# [Task statement]
Filter the listing below for "subspaceB" and report every line that has it.

# [Record set]

(* Continuity from below for arbitrary (possibly non-measurable) sets, via
   measurable hulls. *)
Lemma lebesgue_measure_truncation_cvg (A : set R) :
  (fun n : nat => mu (A `&` [set s | s < n%:R])) @ \oo --> mu A.
Proof.
set a := fun n : nat => _.
have a_nd : {homo a : n m / (n <= m)%N >-> (n <= m)%E}.
  move=> n m nm; apply: le_lebesgue_measure => s [As sn]; split => //.
  by apply: lt_le_trans sn _; rewrite ler_nat.
suff <- : ereal_sup (range a) = mu A by exact: ereal_nondecreasing_cvgn.
apply/eqP; rewrite eq_le; apply/andP; split.
  by apply: ge_ereal_sup => _ [n _ <-]; apply: le_lebesgue_measure => s [].
have /choice[H H_hull] n := lebesgue_measurable_hull (A `&` [set s | s < n%:R]).
pose K n := \bigcap_(m in [set m | (n <= m)%N]) H m.
have K_meas n : measurable (K n).
  by apply: bigcap_measurable; [exists n => /= | move=> k _; case: (H_hull k)].
have K_nd : {homo K : n m / (n <= m)%N >-> (n <= m)%O}.
  by move=> n m nm; apply/subsetPset => s Ks k /= mk; apply: Ks; exact: leq_trans mk.
have AK : A `<=` \bigcup_n K n.
  move=> s As; exists (Num.bound `|s|) => // k /= hk.
  case: (H_hull k) => _ + _; apply; split => //.
  apply: le_lt_trans (ler_norm s) _; apply: lt_le_trans (archi_boundP (normr_ge0 s)) _.
  by rewrite ler_nat.
have K_cvg := nondecreasing_cvg_mu (mu := mu) K_meas
  (bigcup_measurable (fun k _ => K_meas k)) K_nd.
apply: le_trans (le_lebesgue_measure AK) _; apply: (cvge_le _ K_cvg).
apply: nearW => n /=; apply: le_trans (ereal_sup_ubound _); last by exists n.
case: (H_hull n) => H_meas _; rewrite /a => <-.
apply: le_measure; rewrite ?inE //; first exact: K_meas.
by move=> s Ks; apply: (Ks n) => /=.
Qed.
From mathcomp Require Import all_boot all_order all_algebra lra zify.
Import Order.TTheory GRing.Theory Num.Theory.
Set Implicit Arguments. Unset Strict Implicit. Unset Printing Implicit Defensive.
Local Open Scope ring_scope.

(* Within a bucket C with energy y and top energy y^*, the products of the
   energies of distinct pairs of coefficients of C add up to
   y^2 - sum \hat f^4 >= y^2 - y^* y >= (y - y^* )^2.  Cauchy-Schwarz over the
   s chosen buckets therefore bounds sum_i z_i by sqrt (s Q_H), where Q_H sums
   \hat f(b)^2 \hat f(b')^2 over the pairs b <> b' with b - b' in H, and
   Jensen moves the expectation inside the square root.  Since GL_n(F_2) acts
   transitively on nonzero vectors and preserves codimension, a nonzero vector
   lies in a uniformly random codimension-d subspace with probability
   (2^(n-d) - 1)/(2^n - 1) <= 2^-d, so by Parseval E Q_H <= 2^-d ||f||_2^4.
   This yields the bound even without the factor 2. *)

Lemma F2_cases (c : 'F_2) : c = 0 \/ c = 1.
Proof. by case: c => [[|[|k]] Hk]; [left|right|]; try exact: val_inj. Qed.

Lemma F2_pchar2 : 2 \in [pchar 'F_2].
Proof. exact: pchar_Fp. Qed.

Lemma signF2D (R : pzRingType) (a b : 'F_2) :
  (-1) ^+ (a + b)%R = (-1) ^+ a * (-1) ^+ b :> R.
Proof.
case: (F2_cases a) => ->; case: (F2_cases b) => -> /=.
all: by rewrite ?expr0 ?expr1 ?mulrNN ?mul1r ?mulr1.
Qed.

Lemma F2mx_oppr m k (A : 'M['F_2]_(m, k)) : - A = A.
Proof. by apply/matrixP => i j; rewrite mxE (oppr_pchar2 F2_pchar2). Qed.

Lemma F2mx_addrr m k (A : 'M['F_2]_(m, k)) : A + A = 0.
Proof. by rewrite -{2}[A]F2mx_oppr subrr. Qed.

Lemma F2mx_addr_eq0 m k (A B : 'M['F_2]_(m, k)) : (A + B == 0) = (A == B).
Proof. by rewrite -[RHS]subr_eq0 F2mx_oppr. Qed.

Section Characters.
Variables (R : rcfType) (n : nat).
Notation V := 'rV['F_2]_n.

Lemma dotF2C (a x : V) : dotF2 a x = dotF2 x a.
Proof. by apply: eq_bigr => i _; rewrite mulrC. Qed.

Lemma dotF2Dr (a x y : V) : dotF2 a (x + y) = dotF2 a x + dotF2 a y.
Proof. by rewrite /dotF2 -big_split; apply: eq_bigr => i _; rewrite !mxE mulrDr. Qed.

Lemma dotF2Dl (a b x : V) : dotF2 (a + b) x = dotF2 a x + dotF2 b x.
Proof. by rewrite dotF2C dotF2Dr !(dotF2C x). Qed.

Lemma dotF2Zr (a x : V) c : dotF2 a (c *: x) = c * dotF2 a x.
Proof. by rewrite /dotF2 mulr_sumr; apply: eq_bigr => i _; rewrite !mxE mulrCA. Qed.

Lemma dotF2_delta (i : 'I_n) (x : V) : dotF2 (delta_mx 0 i) x = x 0 i.
Proof.
rewrite /dotF2 (bigD1 i) //= big1 ?addr0; first by rewrite mxE !eqxx mul1r.
by move=> j /negbTE ji; rewrite mxE ji andbF mul0r.
Qed.

Lemma rVF2_neq0 (x : V) : x != 0 -> exists i, x 0 i = 1.
Proof.
move=> x0; have [i xi] : exists i, x 0 i != 0.
  apply/existsP; apply: contraR x0 => /existsPn x0.
  by apply/eqP/matrixP => a j; rewrite (ord1 a) mxE; apply/eqP/negPn/x0.
by exists i; case: (F2_cases (x 0 i)) xi => // ->; rewrite eqxx.
Qed.

Lemma chiC (a x : V) : chi R a x = chi R x a.
Proof. by rewrite /chi dotF2C. Qed.

Lemma chiDr (a x y : V) : chi R a (x + y) = chi R a x * chi R a y.
Proof. by rewrite /chi dotF2Dr signF2D. Qed.

Lemma sum_chi (x : V) : \sum_(a : V) chi R a x = (x == 0)%:R * 2%:R ^+ n.
Proof.
have [->|x0] := eqVneq x 0.
  rewrite (eq_bigr (fun=> 1)) => [|a _]; last first.
    by rewrite /chi /dotF2 big1 // => i _; rewrite mxE mulr0.
  by rewrite sumr_const card_mx card_Fp // mul1n mul1r natrX.
have [i xi] := rVF2_neq0 x0.
set S := \sum_a _; suff : S = - S by rewrite mul0r; lra.
rewrite {1}/S (reindex_inj (addrI (delta_mx 0 i))) -mulN1r mulr_sumr /=.
by apply: eq_bigr => a _; rewrite !(chiC _ x) chiDr /chi dotF2C dotF2_delta xi.
Qed.

Lemma parseval (f : V -> R) : \sum_(b : V) fhat f b ^+ 2 = norm2sq f.
Proof.
rewrite /fhat /norm2sq.
have expK : 2%:R ^+ n * (2%:R ^+ n)^-1 = 1 :> R.
  by rewrite mulfV // expf_neq0 // pnatr_eq0.
under eq_bigr => b _ do
  rewrite exprMn [X in _ * X]expr2 big_distrlr /=.
under eq_bigr => b _ do under eq_bigr => x _ do under eq_bigr => y _ do
  rewrite mulrACA -chiDr.
rewrite -mulr_sumr exchange_big /=.
under eq_bigr => x _ do rewrite exchange_big /=.
under eq_bigr => x _ do under eq_bigr => y _ do
  rewrite -mulr_sumr sum_chi F2mx_addr_eq0.
rewrite !mulr_sumr; apply: eq_bigr => x _.
rewrite (bigD1 x) //= eqxx big1 ?addr0 => [|y yx]; last first.
  by rewrite eq_sym (negbTE yx) mul0r mulr0.
rewrite mul1r expr2 -mulrA; congr (_ * _).
by rewrite mulrC -mulrA expK mulr1 expr2.
Qed.

End Characters.

Lemma sum_sqrt_le (R : rcfType) (I : finType) (P : pred I) (p : I -> R) :
  (forall i, P i -> 0 <= p i) ->
  \sum_(i | P i) Num.sqrt (p i) <= Num.sqrt (#|P|%:R * \sum_(i | P i) p i).
Proof.
move=> p_ge0; set L := \sum_(i | P i) _.
have L_ge0 : 0 <= L by apply: sumr_ge0 => i _; exact: sqrtr_ge0.
rewrite -(ger0_norm L_ge0) -sqrtr_sqr ler_sqrt; last first.
  by rewrite mulr_ge0 ?ler0n ?sumr_ge0.
have sum_const (c : R) : \sum_(j | P j) c = c * #|P|%:R.
  by rewrite mulr_natr -sumr_const; apply: eq_bigl.
(* AM-GM: 2 sqrt(p i) sqrt(p j) <= p i + p j, summed over all pairs *)
have : 2 * L ^+ 2 <= \sum_(i | P i) \sum_(j | P j) (p i + p j).
  rewrite expr2 /L big_distrlr /= mulr_sumr; apply: ler_sum => i Pi.
  rewrite mulr_sumr; apply: ler_sum => j Pj.
  rewrite -{2}(sqr_sqrtr (p_ge0 i Pi)) -{2}(sqr_sqrtr (p_ge0 j Pj)).
  by have := sqr_ge0 (Num.sqrt (p i) - Num.sqrt (p j)); rewrite sqrrB; lra.
under eq_bigr => i _ do rewrite big_split /= sum_const.
by rewrite big_split /= -mulr_suml sum_const; lra.
Qed.

Section RealSums.
Variable R : realFieldType.

Lemma bigmax_le_sum (I : finType) (A : pred I) (a : I -> R) :
  (forall i, A i -> 0 <= a i) ->
  \big[Order.max/0]_(i | A i) a i <= \sum_(i | A i) a i.
Proof.
move=> a_ge0; apply: bigmax_le => [|i Ai]; first exact: sumr_ge0.
by rewrite (bigD1 i) //= lerDl sumr_ge0 // => j /andP[/a_ge0].
Qed.

Lemma sqr_sum_sub_bigmax_le (I : finType) (A : pred I) (a : I -> R) :
  (forall i, A i -> 0 <= a i) ->
  (\sum_(i | A i) a i - \big[Order.max/0]_(i | A i) a i) ^+ 2 <=
  \sum_(i | A i) \sum_(j | A j && (j != i)) a i * a j.
Proof.
move=> a_ge0; set y := \sum_(i | A i) a i; set m := \big[Order.max/0]_(i | A i) a i.
have m_ge0 : 0 <= m := bigmax_ge_id _ _ _ _.
have my : m <= y := bigmax_le_sum a_ge0.
have sum_sqr_le : \sum_(i | A i) a i * a i <= m * y.
  rewrite /y mulr_sumr; apply: ler_sum => i Ai.
  by rewrite ler_wpM2r ?a_ge0 // le_bigmax_cond.
have -> : \sum_(i | A i) \sum_(j | A j && (j != i)) a i * a j =
          y * y - \sum_(i | A i) a i * a i.
  rewrite mulr_suml -sumrB; apply: eq_bigr => i Ai.
  by rewrite /y mulr_sumr [in RHS](bigD1 i) //= addrC addrK.
nra.
Qed.

Lemma sum_nth_le_sum (T : Type) (x0 : T) (g : T -> R) (l : seq T) (s : nat) :
  g x0 = 0 -> (forall x, 0 <= g x) ->
  \sum_(i < s) g (nth x0 l i) <= \sum_(x <- l) g x.
Proof.
move=> gx0 g_ge0; elim: l s => [|x l IHl] [|s].
- by rewrite big_ord0 big_nil.
- by rewrite big_nil big1 // => i _; rewrite nth_nil gx0.
- by rewrite big_ord0 sumr_ge0.
- by rewrite big_ord_recl big_cons lerD.
Qed.

End RealSums.

Section Subspaces.
Variables (n d : nat).
Notation V := 'rV['F_2]_n.

Lemma mem_coset (H : {set V}) a b : (b \in coset H a) = (b - a \in H).
Proof.
apply/imsetP/idP => [[h hH ->]|bH]; first by rewrite addrC addKr.
by exists (b - a) => //; rewrite addrC subrK.
Qed.

Section OneSubspace.
Variable H : {set V}.
Hypothesis codimH : codim_subspace d H.

Lemma subspace0 : 0 \in H.
Proof. by case/and3P: codimH. Qed.

Lemma subspaceZD c u v : u \in H -> v \in H -> c *: u + v \in H.
Proof.
case/and3P: codimH => _ /forallP/(_ c)/forallP/(_ u)/forallP/(_ v) + _ uH vH.
by rewrite uH vH.
Qed.

Lemma subspaceD u v : u \in H -> v \in H -> u + v \in H.
Proof. by move=> uH vH; rewrite -[u]scale1r subspaceZD. Qed.

Lemma subspaceB u v : u \in H -> v \in H -> u - v \in H.
Proof. by rewrite F2mx_oppr; apply: subspaceD. Qed.

Lemma cosets_mem a C : (C \in cosets H) && (a \in C) = (C == coset H a).
Proof.
apply/andP/eqP => [[/imsetP[b _ ->] aC]|->]; last first.
  by rewrite imset_f // mem_coset subrr subspace0.
rewrite mem_coset in aC; apply/setP => x; rewrite !mem_coset.
apply/idP/idP => xH.
  have -> : x - a = (x - b) - (a - b) by rewrite opprB addrA subrK.
  by rewrite subspaceB.
have -> : x - b = (x - a) + (a - b) by rewrite addrA subrK.
by rewrite subspaceD.
Qed.

End OneSubspace.
End Subspaces.

Section Transitivity.
Variables (n d : nat).
Notation V := 'rV['F_2]_n.

Lemma codim_subspace_linear_image (phi : V -> V) (H : {set V}) :
  linear phi -> injective phi -> codim_subspace d H ->
  codim_subspace d (phi @: H).
Proof.
move=> phi_lin phi_inj codimH.
have phi0 : phi 0 = 0.
  have := phi_lin 1 0 0; rewrite !scale1r !addr0 => /esym/eqP.
  by rewrite -subr_eq0 addrK => /eqP.
apply/and3P; split.
- by rewrite -phi0 imset_f // (subspace0 codimH).
- apply/forallP => c; apply/forallP => x; apply/forallP => y.
  apply/implyP => /imsetP[u uH ->]; apply/implyP => /imsetP[v vH ->].
  by rewrite -phi_lin imset_f // (subspaceZD codimH).
- by rewrite card_imset //; case/and3P: codimH.
Qed.
(* Every nice bipartite graph $G$ satisfies $\chi'_{qm\Sigma}(G)\le 6$.
   Context: All graphs are simple and finite. A $k$-edge-coloring of $G$ is any map $c:E(G)\to\{1,\dots,k\}$ (adjacent edges may share colors). It induces $\sigma_c(v)=\sum_{u\in N(v)}c(vu)$. The coloring is neighbor sum distinguishing (NSD) if $\sigma_c(u)\ne\sigma_c(v)$ for every edge $uv$. It is quasi-majority if every vertex $v$ is incident to at most $\lceil d(v)/2\rceil$ edges of each single color. $\chi'_{qm\Sigma}(G)$ denotes the least $k$ such that $G$ has a $k$-edge-coloring that is both quasi-majority and NSD. A graph is nice if it has no connected component isomorphic to $K_2$. *)

From mathcomp Require Import all_boot.
Set Implicit Arguments. Unset Strict Implicit. Unset Printing Implicit Defensive.

Definition simple_graph (V : finType) (e : rel V) : Prop :=
  symmetric e /\ irreflexive e.

Definition nbhd (V : finType) (e : rel V) (v : V) : {set V} := [set u | e v u].
Definition deg (V : finType) (e : rel V) (v : V) : nat := #|nbhd e v|.

(* An edge coloring is a symmetric function c on pairs of vertices; only its values on
   edges matter.  It is a k-edge-coloring if every edge gets a color in {1,...,k}. *)
Definition is_k_edge_coloring (V : finType) (e : rel V) (k : nat) (c : V -> V -> nat) : Prop :=
  (forall u v, e u v -> c u v = c v u) /\
  (forall u v, e u v -> 1 <= c u v <= k).
Lemma follow_spec c n u t u' b : body_size u < n -> follow n u c = (t, u', b) ->
  pops (no_edge c) u t u' /\
  (if b then ~~ no_edge c u' : Prop else no_edge c u' /\ failure u' = None).
Proof.
elim: n u t u' b => [//|n IH] u t u' b le_un /=.
rewrite /delta; case: ifP => [node_uc [<- <- <-] | /negbT nonnode_uc].
  by split; [apply: pops_nil | rewrite negbK].
case f_u: (failure u) => [[F v]|]; last by case=> <- <- <-; split=> //; apply: pops_nil.
have [chain_uv lt_vu] := failure_some f_u.
case E: (follow n v c) => [[t0 u0] b0] [<- <- <-].
have [chain_vu0 spec] := IH _ _ _ _ (leq_trans lt_vu le_un) E.
split=> //; apply: pops_cat chain_vu0.
exact: pops_sub (no_edge_failure_path nonnode_uc) chain_uv.
Qed.

Lemma maxmatch_failure_none u : failure u = None ->
  ~~ ((u == [::]) || (u == sharp)) -> maxmatch u = [:: UNK].
Proof.
case/failure_none=> T [y [chain pw_y y_path]] nontriv_u.
rewrite (maxmatch_pops chain) maxmatchE pw_y eqxx.
case/orP: y_path => [/eqP -> | /nonnode_nontrivial -> //].
by rewrite (negbTE nontriv_u).
Qed.

Lemma maxmatch_stuck c z u : no_edge c u -> failure u = None ->
  maxmatch (u ++ c :: z) = [:: UNK].
Proof.
move=> nonnode_u /failure_none[T [y [chain pw_y y_path]]].
have nonnode_y := no_edge_failure_path nonnode_u y_path.
have chain_z := pops_cat_no_edge z (pops_sub (no_edge_failure_path nonnode_u) chain).
rewrite (maxmatch_pops chain_z) maxmatchE pw_cat_no_edge // pw_y eqxx.
rewrite nonnode_nontrivial //; apply: contra nonnode_y.
by apply: is_node_prefix; rewrite -cat_rcons prefix_prefix.
Qed.

Definition loop_invariant p u toks :=
  forall z, maxmatch (p ++ z) = tokcat toks (maxmatch (u ++ z)).

Lemma loop_invariant_step c p u toks t u' : loop_invariant p u toks ->
  pops (no_edge c) u t u' -> loop_invariant (rcons p c) (rcons u' c) (toks ++ t).
Proof.
move=> inv chain z; rewrite !cat_rcons inv.
rewrite (maxmatch_pops (pops_cat_no_edge z chain)) tokcat_cat //.
exact: pops_neq_UNK chain.
Qed.

Definition finish (w : seq A) (res : seq (token A) * seq A * nat) :=
  let: (toks, u, i) := res in
  if (i < size w) || ~~ ((u == [::]) || (u == sharp)) then [:: UNK] else toks.

Section Whitespace.
Variable ws : A.
Hypothesis ws_notin_V : forall v, v \in V -> ws \notin v.
Hypothesis ws_notin_sharp : ws \notin sharp.

Lemma no_edge_ws u : no_edge ws u.
Proof.
apply/negP => /hasP[y y_in /prefixP[s y_eq]].
have ws_y : ws \in y by rewrite y_eq mem_cat mem_rcons mem_head.
move: y_in; rewrite inE => /orP[/eqP y_sharp | /ws_notin_V].
  by move: ws_notin_sharp; rewrite -y_sharp ws_y.
by rewrite ws_y.
Qed.

Lemma finish_loop_whitespace p u toks : loop_invariant p u toks ->
  finish p (loop sharp V [:: ws] u (size p) toks) = maxmatch p.
Proof.
move=> inv; cbn [loop].
case E: (follow (size u).+1 u ws) => [[t u'] b].
have [chain] := follow_spec (n := (size u).+1) (body_size_le u) E.
case: b {E} => [| [_ fail_u']]; first by rewrite no_edge_ws.
have := inv [::]; rewrite !cats0 => ->.
rewrite (maxmatch_pops chain) tokcat_cat; last exact: pops_neq_UNK chain.
rewrite /finish ltnn /=.
case: ifP => [nontriv | /negbFE triv]; first by rewrite maxmatch_failure_none.
by rewrite maxmatchE triv /tokcat cats0.
Qed.

Lemma finish_loop r p u toks : loop_invariant p u toks ->
  finish (p ++ r) (loop sharp V (rcons r ws) u (size p) toks) = maxmatch (p ++ r).
Proof.
elim: r p u toks => [|c r IH] p u toks inv; first by rewrite cats0 finish_loop_whitespace.
rewrite rcons_cons; cbn [loop].
case E: (follow (size u).+1 u c) => [[t u'] b].
have [chain] := follow_spec (n := (size u).+1) (body_size_le u) E.
case: b {E} => [_ | [nonnode fail_u']].
  by move: (IH _ _ _ (loop_invariant_step inv chain)); rewrite cat_rcons size_rcons.
rewrite /finish size_cat addnS ltnS leq_addr inv.
by rewrite (maxmatch_pops (pops_cat_no_edge r chain)) maxmatch_stuck.
Qed.

End Whitespace.

End WordPieceTheory.
Lemma divisible_lift_y ta N : T ta ->
  (forall n, eta a n -> ~ divisible (p n) (ga - ta - xt n) -> (n < N)%N) ->
  exists Y, phi Y = yv a /\ forall n, eta a n -> divisible (p n) (Y - xt n).
Proof.
move=> Tta ta_div.
have /choice[d Hd] n : exists d, T d /\ (eta a n -> divisible (p n) (ga - xt n - d)).
  have [/divisible_up_to_kernel[d Td dd]|_] := boolP (eta a n); first by exists d.
  by exists 0; split => //; exact: T_sub.1.
have [|u [Tu u_lt u_ge]] :=
    torsion_crt (e := fun n => d n - ta) N T_sub T_tors p_prime p_inj.
  by move=> m; apply: T_sub.2 => //; case: (Hd m).
exists (ga - ta - u); split.
  by rewrite !raddfB ga_lift (phi_ker ta).2 // (phi_ker u).2 // !subr0.
move=> n ean; have divB := (subgroup_divisible G (p n)).2.
have [nN|Nn] := ltnP n N.
  have -> : ga - ta - u - xt n = (ga - xt n - d n) - (u - (d n - ta)).
    by rewrite opprB !addrA subrK [LHS]addrAC [ga - ta - _]addrAC.
  exact: divB ((Hd n).2 ean) (u_lt n nN).
rewrite addrAC; apply: divB (u_ge _ Nn).
by apply/not_notP => nd; move: (ta_div n ean nd); rewrite ltnNge Nn.
Qed.
End Lifts.

Theorem lemma4p6
  (K : eqType) (Kuncountable : ~ exists f : K -> nat, injective f)
  (p : nat -> nat) (p_prime : forall n, prime (p n))
  (p_incr : forall n m, (n < m)%N -> (p n < p m)%N)
  (eta : K -> nat -> bool)
  (G : zmodType) (T : G -> Prop) (phi : {additive G -> W K})
  (T_sub : subgroup T) (T_tors : torsion_pred T)
  (phi_in : forall g, inH p eta (phi g))
  (phi_onto : forall h, inH p eta h -> exists g, phi g = h)
  (phi_ker : forall g, phi g = 0 <-> T g)
  (T_bal : balanced T)
  (g : K -> G) (g_lift : forall a, phi (g a) = yv a)
  (xt : nat -> G) (xt_lift : forall n, phi (xt n) = @xv K n)
  (hyp : forall a, exists2 ta, T ta &
      exists N : nat, forall n, eta a n = true ->
        ~ divisible (p n) (g a - ta - xt n) -> (n < N)%N) :
  exists psi : W K -> G,
    (forall u v, inH p eta u -> inH p eta v -> psi (u - v) = psi u - psi v) /\
    (forall h, inH p eta h -> phi (psi h) = h).
Proof.
have p_inj : injective p := incn_inj (leq_mono p_incr).
have /choice[Y Y_spec] a : exists Y, phi Y = yv a /\
    forall n, eta a n -> divisible (p n) (Y - xt n).
  have [ta Tta [N ta_div]] := hyp a.
  exact: (divisible_lift_y p_prime p_inj T_sub T_tors phi_onto phi_ker xt_lift
    (g_lift a) Tta ta_div).
apply: (split_of_divisible_lifts p_prime p_inj xt_lift) => a; first exact: (Y_spec a).1.
exact: (Y_spec a).2.
Qed.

# [Exercise answer]
Lemma subspaceB u v : u \in H -> v \in H -> u - v \in H.
  by rewrite subspaceB.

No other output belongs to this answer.